(* For $N\ge1$, \[Z_N(\{u\}_N|\{w\}_N)=\frac{\prod_{j=1}^N(1-t)cu_j\prod_{j,k=1}^N(au_j+bw_k)(eu_j+fw_k)}{(cd)^{N(N-1)/2}\prod_{1\le j<k\le N}(u_j-u_k)(w_k-w_j)}\det_{1\le j,k\le N}\Big(\frac{1}{(au_j+bw_k)(eu_j+fw_k)}\Big)\] as rational functions of $u_1,\dots,u_N,w_1,\dots,w_N$.
   Context: Fix complex parameters $t,a,b,c,d,e,f$, all nonzero, with $t\neq1$, satisfying $cd+af=0$ and $tcd+be=0$. The inhomogeneous $L$-operator $L_{aj}(u,w)$ on $W_a\otimes V_j$ ($\cong\mathbb{C}^2\otimes\mathbb{C}^2$, basis $|0\rangle,|1\rangle$) has matrix elements ${}_a\langle\gamma|{}_j\langle\delta|L_{aj}(u,w)|\alpha\rangle_a|\beta\rangle_j=[L(u,w)]^{\gamma\delta}_{\alpha\beta}$: $[L]^{00}_{00}=au+bw$, $[L]^{01}_{01}=atu+bw$, $[L]^{01}_{10}=(1-t)cu$, $[L]^{10}_{01}=(1-t)dw$, $[L]^{10}_{10}=eu+fw$, $[L]^{11}_{11}=eu+tfw$, all others $0$. Define $B_N(u|\{w\}_N)={}_a\langle0|L_{aN}(u,w_N)\cdots L_{a1}(u,w_1)|1\rangle_a$ on $V_1\otimes\cdots\otimes V_N$ and $Z_N(\{u\}_N|\{w\}_N)=\langle1\cdots N|B_N(u_1|\{w\}_N)\cdots B_N(u_N|\{w\}_N)|\Omega\rangle$ with $|\Omega\rangle=|0\rangle^{\otimes N}$, $\langle1\cdots N|=\langle1|^{\otimes N}$. *)

From HB Require Import structures.
From mathcomp Require Import all_boot all_order all_algebra.
Set Implicit Arguments. Unset Strict Implicit. Unset Printing Implicit Defensive.
Import Order.TTheory GRing.Theory Num.Theory.
Local Open Scope ring_scope.

Section Model.
Variable R : numClosedFieldType.
Variables t a b c d e f : R.

(* Lent u w g dl al be = [L(u,w)]^{g dl}_{al be}
   (g = outgoing auxiliary, dl = outgoing quantum,
    al = incoming auxiliary, be = incoming quantum; false = |0>, true = |1>) *)
Definition Lent (u w : R) (g dl al be : bool) : R :=
  match g, dl, al, be with
  | false, false, false, false => a * u + b * w
  | false, true,  false, true  => a * t * u + b * w
  | false, true,  true,  false => (1 - t) * c * u
  | true,  false, false, true  => (1 - t) * d * w
  | true,  false, true,  false => e * u + f * w
  | true,  true,  true,  true  => e * u + t * f * w
  | _, _, _, _ => 0
  end.

Variable N : nat.

Definition config := {ffun 'I_N -> bool}.

(* Matrix element <out| B_N(u|{w}) |inn> on V_1 (x) ... (x) V_N, where
   B_N(u) = _a<0| L_{aN}(u,w_N) ... L_{a1}(u,w_1) |1>_a.
   The auxiliary path alpha : 'I_N.+1 -> bool has alpha_0 = 1 (input),
   alpha_N = 0 (output); site j maps aux alpha_j to alpha_{j+1}. *)
Definition Bel (u : R) (w : 'I_N -> R) (out inn : config) : R :=
  \sum_(al : {ffun 'I_N.+1 -> bool} | (al ord0 == true) && (al ord_max == false))
    \prod_(j < N) Lent u (w j) (al (lift ord0 j)) (out j)
                          (al (widen_ord (leqnSn N) j)) (inn j).

Definition applyB (u : R) (w : 'I_N -> R) (psi : config -> R) : config -> R :=
  fun out => \sum_(inn : config) Bel u w out inn * psi inn.

Definition Omega : config -> R :=
  fun s => if s == [ffun => false] then 1 else 0.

= = =

* **Problem requirements**
Print each line of the data exactly. Keep all of it.

* **Exercise solution**
(* For $N\ge1$, \[Z_N(\{u\}_N|\{w\}_N)=\frac{\prod_{j=1}^N(1-t)cu_j\prod_{j,k=1}^N(au_j+bw_k)(eu_j+fw_k)}{(cd)^{N(N-1)/2}\prod_{1\le j<k\le N}(u_j-u_k)(w_k-w_j)}\det_{1\le j,k\le N}\Big(\frac{1}{(au_j+bw_k)(eu_j+fw_k)}\Big)\] as rational functions of $u_1,\dots,u_N,w_1,\dots,w_N$.
   Context: Fix complex parameters $t,a,b,c,d,e,f$, all nonzero, with $t\neq1$, satisfying $cd+af=0$ and $tcd+be=0$. The inhomogeneous $L$-operator $L_{aj}(u,w)$ on $W_a\otimes V_j$ ($\cong\mathbb{C}^2\otimes\mathbb{C}^2$, basis $|0\rangle,|1\rangle$) has matrix elements ${}_a\langle\gamma|{}_j\langle\delta|L_{aj}(u,w)|\alpha\rangle_a|\beta\rangle_j=[L(u,w)]^{\gamma\delta}_{\alpha\beta}$: $[L]^{00}_{00}=au+bw$, $[L]^{01}_{01}=atu+bw$, $[L]^{01}_{10}=(1-t)cu$, $[L]^{10}_{01}=(1-t)dw$, $[L]^{10}_{10}=eu+fw$, $[L]^{11}_{11}=eu+tfw$, all others $0$. Define $B_N(u|\{w\}_N)={}_a\langle0|L_{aN}(u,w_N)\cdots L_{a1}(u,w_1)|1\rangle_a$ on $V_1\otimes\cdots\otimes V_N$ and $Z_N(\{u\}_N|\{w\}_N)=\langle1\cdots N|B_N(u_1|\{w\}_N)\cdots B_N(u_N|\{w\}_N)|\Omega\rangle$ with $|\Omega\rangle=|0\rangle^{\otimes N}$, $\langle1\cdots N|=\langle1|^{\otimes N}$. *)

From HB Require Import structures.
From mathcomp Require Import all_boot all_order all_algebra.
Set Implicit Arguments. Unset Strict Implicit. Unset Printing Implicit Defensive.
Import Order.TTheory GRing.Theory Num.Theory.
Local Open Scope ring_scope.

Section Model.
Variable R : numClosedFieldType.
Variables t a b c d e f : R.

(* Lent u w g dl al be = [L(u,w)]^{g dl}_{al be}
   (g = outgoing auxiliary, dl = outgoing quantum,
    al = incoming auxiliary, be = incoming quantum; false = |0>, true = |1>) *)
Definition Lent (u w : R) (g dl al be : bool) : R :=
  match g, dl, al, be with
  | false, false, false, false => a * u + b * w
  | false, true,  false, true  => a * t * u + b * w
  | false, true,  true,  false => (1 - t) * c * u
  | true,  false, false, true  => (1 - t) * d * w
  | true,  false, true,  false => e * u + f * w
  | true,  true,  true,  true  => e * u + t * f * w
  | _, _, _, _ => 0
  end.

Variable N : nat.

Definition config := {ffun 'I_N -> bool}.

(* Matrix element <out| B_N(u|{w}) |inn> on V_1 (x) ... (x) V_N, where
   B_N(u) = _a<0| L_{aN}(u,w_N) ... L_{a1}(u,w_1) |1>_a.
   The auxiliary path alpha : 'I_N.+1 -> bool has alpha_0 = 1 (input),
   alpha_N = 0 (output); site j maps aux alpha_j to alpha_{j+1}. *)
Definition Bel (u : R) (w : 'I_N -> R) (out inn : config) : R :=
  \sum_(al : {ffun 'I_N.+1 -> bool} | (al ord0 == true) && (al ord_max == false))
    \prod_(j < N) Lent u (w j) (al (lift ord0 j)) (out j)
                          (al (widen_ord (leqnSn N) j)) (inn j).

Definition applyB (u : R) (w : 'I_N -> R) (psi : config -> R) : config -> R :=
  fun out => \sum_(inn : config) Bel u w out inn * psi inn.

Definition Omega : config -> R :=
  fun s => if s == [ffun => false] then 1 else 0.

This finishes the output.